The Asset Management Company enjoys access to the full range of expertise and on-the-ground presence of the International Finance Corporation and is thus able to select the most promising projects for inclusion in its funds. Additionally, the AMC offers investors the full scope of risk mitigation facilities – including compliance with ESG (environmental, social, and governance) standards – that the IFC attaches to its undertakings.
As a result, institutional investors not normally committing funds to emerging markets may gain exposure to the strong returns offered in these markets whilst reducing the associated risks. The IFC Asset Management Company is an essential part of the World Bank Group’s efforts to turn “billions into trillions” by facilitating emerging market access to large pools of private capital.
Leading the IFC Asset Management Company since its founding in 2009, Gavin Wilson brought a wealth of experience to the start-up.
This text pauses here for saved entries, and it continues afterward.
(* Let $n,m\ge 5$ be integers with $m\equiv 2\pmod 4$ and $n\equiv 2\pmod 4$. Then $\gamma_p(C_n\times C_m)\le\frac{(n+2)(m+2)}{4}-6$.
   Context: All graphs are finite, simple and undirected. $C_n$ denotes the cycle of order $n$ and $G\times H$ the Cartesian product of graphs. For a graph $G$ without isolated vertices, a set $D\subseteq V(G)$ is a paired dominating set if every vertex outside $D$ has a neighbour in $D$ and the induced subgraph $G[D]$ has a perfect matching; $\gamma_p(G)$ is the minimum size of a paired dominating set. *)

From mathcomp Require Import all_boot all_order.
Set Implicit Arguments. Unset Strict Implicit. Unset Printing Implicit Defensive.

Definition cyc_adj (n : nat) (i j : 'I_n) : bool :=
  (j == (i.+1 %% n) :> nat) || (i == (j.+1 %% n) :> nat).

Definition cprod_adj (n m : nat) : rel ('I_n * 'I_m) :=
  fun x y => ((x.1 == y.1) && cyc_adj x.2 y.2) || ((x.2 == y.2) && cyc_adj x.1 y.1).

Section Paired.
Variables (T : finType) (e : rel T).

Definition dominating (D : {set T}) : Prop :=
  forall x, x \notin D -> exists2 y, y \in D & e x y.

(* G[D] has a perfect matching: a fixed-point-free involution on D along edges *)
Definition has_perfect_matching (D : {set T}) : Prop :=
  exists f : T -> T, forall x, x \in D ->
    [/\ f x \in D, e x (f x) & f (f x) = x].

Definition paired_dominating (D : {set T}) : Prop :=
  dominating D /\ has_perfect_matching D.

Definition is_gamma_p (k : nat) : Prop :=
  (exists D, paired_dominating D /\ #|D| = k) /\
  (forall D, paired_dominating D -> k <= #|D|).
End Paired.

From mathcomp Require Import all_boot all_order zify.
From Stdlib Require Import Classical.
Set Implicit Arguments. Unset Strict Implicit. Unset Printing Implicit Defensive.

(* Write n = 4a + 2 and m = 4b + 2 with a <= b (the torus is symmetric).
   For a = 1, rows 0 and 3 of C_6 x C_m, nearly full and paired horizontally,
   together with a patch in rows 1 and 5, give a paired dominating set of size
   2m - 2, which meets the bound.  For a >= 2, take the 2b + 1 even columns and
   in each the vertices at positions 0, 1 mod 4 after a column-dependent cyclic
   shift, paired vertically; since n = 2 mod 4 each column contributes 2a + 2
   vertices.  Neighbouring even columns have shifts differing by 2 mod n, so the
   odd column between them is dominated, and (2b + 1)(2a + 2) is within the
   bound exactly when a >= 2. *)

Definition cyc_succ n i := if i.+1 == n then 0 else i.+1.
Definition cyc_pred n i := if i == 0 then n.-1 else i.-1.

Lemma cyc_succ_lt n i : i < n -> cyc_succ n i < n.
Proof. by rewrite /cyc_succ; case: eqP; lia. Qed.

Lemma cyc_pred_lt n i : i < n -> cyc_pred n i < n.
Proof. by rewrite /cyc_pred; case: eqP; lia. Qed.

Lemma cyc_succE n i : i < n -> cyc_succ n i = i.+1 %% n.
Proof.
rewrite /cyc_succ; case: eqP => [-> _ | ne_n lt_in]; first by rewrite modnn.
by rewrite modn_small; lia.
Qed.

Lemma cyc_succK n i : i < n -> cyc_pred n (cyc_succ n i) = i.
Proof. by rewrite /cyc_pred /cyc_succ; case: (i.+1 =P n) => /=; lia. Qed.

Lemma cyc_predK n i : i < n -> cyc_succ n (cyc_pred n i) = i.
Proof. by rewrite /cyc_pred /cyc_succ; case: eqP; case: eqP; lia. Qed.

Lemma odd_cyc_succ m j : ~~ odd m -> j < m -> odd (cyc_succ m j) = ~~ odd j.
Proof. by rewrite /cyc_succ; case: eqP => /=; lia. Qed.

Lemma odd_cyc_pred m j : ~~ odd m -> j < m -> odd (cyc_pred m j) = ~~ odd j.
Proof. by rewrite /cyc_pred; case: eqP => /=; lia. Qed.

Lemma cyc_adj_succ n (i j : 'I_n) : j = cyc_succ n i :> nat -> cyc_adj i j.
Proof. by rewrite /cyc_adj => ->; rewrite -cyc_succE // eqxx. Qed.

Lemma cyc_adj_pred n (i j : 'I_n) : j = cyc_pred n i :> nat -> cyc_adj i j.
Proof.
by rewrite /cyc_adj => ->; rewrite -(cyc_succE (cyc_pred_lt _)) // cyc_predK // eqxx orbT.
Qed.

Inductive dir := NextRow | PrevRow | NextCol | PrevCol.

Definition dir_opp d :=
  match d with NextRow => PrevRow | PrevRow => NextRow | NextCol => PrevCol | PrevCol => NextCol end.

Section GridSteps.
Variables n m : nat.

Definition row_step d i :=
  match d with NextRow => cyc_succ n i | PrevRow => cyc_pred n i | _ => i end.

Definition col_step d j :=
  match d with NextCol => cyc_succ m j | PrevCol => cyc_pred m j | _ => j end.

Lemma row_step_lt d i : i < n -> row_step d i < n.
Proof. by case: d => /=; [apply: cyc_succ_lt | apply: cyc_pred_lt | |]. Qed.

Lemma col_step_lt d j : j < m -> col_step d j < m.
Proof. by case: d => /=; [| | apply: cyc_succ_lt | apply: cyc_pred_lt]. Qed.

Lemma row_stepK d i : i < n -> row_step (dir_opp d) (row_step d i) = i.
Proof. by case: d => //=; [apply: cyc_succK | apply: cyc_predK]. Qed.

Lemma col_stepK d j : j < m -> col_step (dir_opp d) (col_step d j) = j.
Proof. by case: d => //=; [apply: cyc_succK | apply: cyc_predK]. Qed.

Definition grid_step d (x : 'I_n * 'I_m) : 'I_n * 'I_m :=
  (Ordinal (row_step_lt d (ltn_ord x.1)), Ordinal (col_step_lt d (ltn_ord x.2))).

Lemma grid_step_adj d x : cprod_adj x (grid_step d x).
Proof.
case: x => i j; rewrite /cprod_adj -!val_eqE /=.
case: d; rewrite eqxx /=.
- by rewrite (@cyc_adj_succ _ i) ?orbT.
- by rewrite (@cyc_adj_pred _ i) ?orbT.
- by rewrite (@cyc_adj_succ _ j).
- by rewrite (@cyc_adj_pred _ j).
Qed.

Lemma grid_stepK d x : grid_step (dir_opp d) (grid_step d x) = x.
Proof.
case: x => i j; congr pair; apply: val_inj; rewrite /= ?row_stepK ?col_stepK //.
Qed.

End GridSteps.

Section Patterns.
Variables (n m : nat) (P : nat -> nat -> bool) (d : nat -> nat -> dir).

Definition pattern_set : {set 'I_n * 'I_m} := [set x : 'I_n * 'I_m | P x.1 x.2].

Lemma card_pattern_set : #|pattern_set| = \sum_(i < n) \sum_(j < m) P i j.
Proof.
rewrite pair_big /= cardsE -sum1_card big_mkcond /=.
by apply: eq_bigr => x _; rewrite unfold_in; case: (P _ _).
Qed.

Hypothesis P_dominates : forall i j, i < n -> j < m ->
  [|| P i j, P (cyc_succ n i) j, P (cyc_pred n i) j, P i (cyc_succ m j) | P i (cyc_pred m j)].

(* [d i j] is the direction of the partner of [(i, j)] in the perfect matching. *)
Hypothesis d_matches : forall i j, i < n -> j < m -> P i j ->
  let d' := d i j in
  P (row_step n d' i) (col_step m d' j) /\
  d (row_step n d' i) (col_step m d' j) = dir_opp d'.

Lemma pattern_set_paired_dominating : paired_dominating (@cprod_adj n m) pattern_set.
Proof.
split.
  move=> [i j]; rewrite inE /= => Pij.
  have [d' Pd'] : exists d', P (row_step n d' i) (col_step m d' j).
    have := P_dominates (ltn_ord i) (ltn_ord j); rewrite (negbTE Pij) /=.
    by case/or4P; [exists NextRow | exists PrevRow | exists NextCol | exists PrevCol].
  by exists (grid_step d' (i, j)); rewrite ?inE ?grid_step_adj.
exists (fun x : 'I_n * 'I_m => grid_step (d x.1 x.2) x) => -[i j]; rewrite inE /= => Pij.
have [Pd dK] := d_matches (ltn_ord i) (ltn_ord j) Pij.
by rewrite inE /= Pd grid_step_adj dK grid_stepK.
Qed.

End Patterns.

Definition swap_set n m (D : {set 'I_n * 'I_m}) : {set 'I_m * 'I_n} :=
  [set (x.2, x.1) | x in D].

Lemma swap_set_paired_dominating n m (D : {set 'I_n * 'I_m}) :
  paired_dominating (@cprod_adj n m) D -> paired_dominating (@cprod_adj m n) (swap_set D).
Proof.
have memE (z : 'I_n * 'I_m) : ((z.2, z.1) \in swap_set D) = (z \in D).
  by rewrite mem_imset //; apply: (can_inj (g := fun y => (y.2, y.1))) => -[].
have adjE (x y : 'I_n * 'I_m) : cprod_adj (x.2, x.1) (y.2, y.1) = cprod_adj x y.
  by rewrite /cprod_adj orbC.
move=> [dom [f f_match]]; split.
  move=> [j i]; rewrite -[(j, i)]/((i, j).2, (i, j).1) memE => /dom[y Dy adj_y].
  by exists (y.2, y.1); rewrite ?memE ?adjE.
exists (fun z => ((f (z.2, z.1)).2, (f (z.2, z.1)).1)) => -[j i].
rewrite -[(j, i)]/((i, j).2, (i, j).1) memE => /f_match[Df adj_f ff].
by rewrite memE adjE /= -surjective_pairing ff.
Qed.

Lemma card_swap_set n m (D : {set 'I_n * 'I_m}) : #|swap_set D| = #|D|.
Proof. by rewrite card_imset //; apply: (can_inj (g := fun y => (y.2, y.1))) => -[]. Qed.

Lemma gamma_p_le (T : finType) (e : rel T) (D : {set T}) :
  paired_dominating e D -> exists2 g, is_gamma_p e g & g <= #|D|.
Proof.
move: {2}#|D| (erefl #|D|) => k; elim/ltn_ind: k D => k IH D cardD pdD.
case: (classic (exists2 D', paired_dominating e D' & #|D'| < k)).
  move=> [D' pdD' lt_D']; have [g g_min le_g] := IH _ lt_D' D' erefl pdD'.
  by exists g; rewrite // cardD (leq_trans le_g (ltnW lt_D')).
move=> no_smaller; exists k; last by rewrite cardD.
split; first by exists D.
move=> D' pdD'; rewrite leqNgt; apply/negP => lt_D'.
by apply: no_smaller; exists D'.
Qed.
Mr Wilson earned his spurs in London where he started his career at McKinsey and Company – the global management consultant firm. He joined the World Bank Group in 1988 under its Young Professionals Programme and worked on a number of assignments in Africa for the World Bank and in several regions for the International Finance Corporation’s investment and advisory businesses. He also served a term as the IFC’s resident representative in Poland and as a special advisor to the Bank of England.
In 1996, Mr Wilson started work at Goldman Sachs in London where he became a Managing Director in the Investment Banking Division. Here, he also co-headed the bank’s EMEA (Europe, Middle East, and Africa) Industrials Group after first leading Goldman’s New Markets investment banking execution team which focused on emerging markets across EMEA.
Mr Wilson is a British citizen and holds a BA degree from Oxford University. Mr Wilson obtained his MBA at Stanford University where he was a Arjay Miller Scholar. He serves on the Business and Sustainable Development Commission and on the WEF’s Global Future Council on International Governance & Public-Private Cooperation.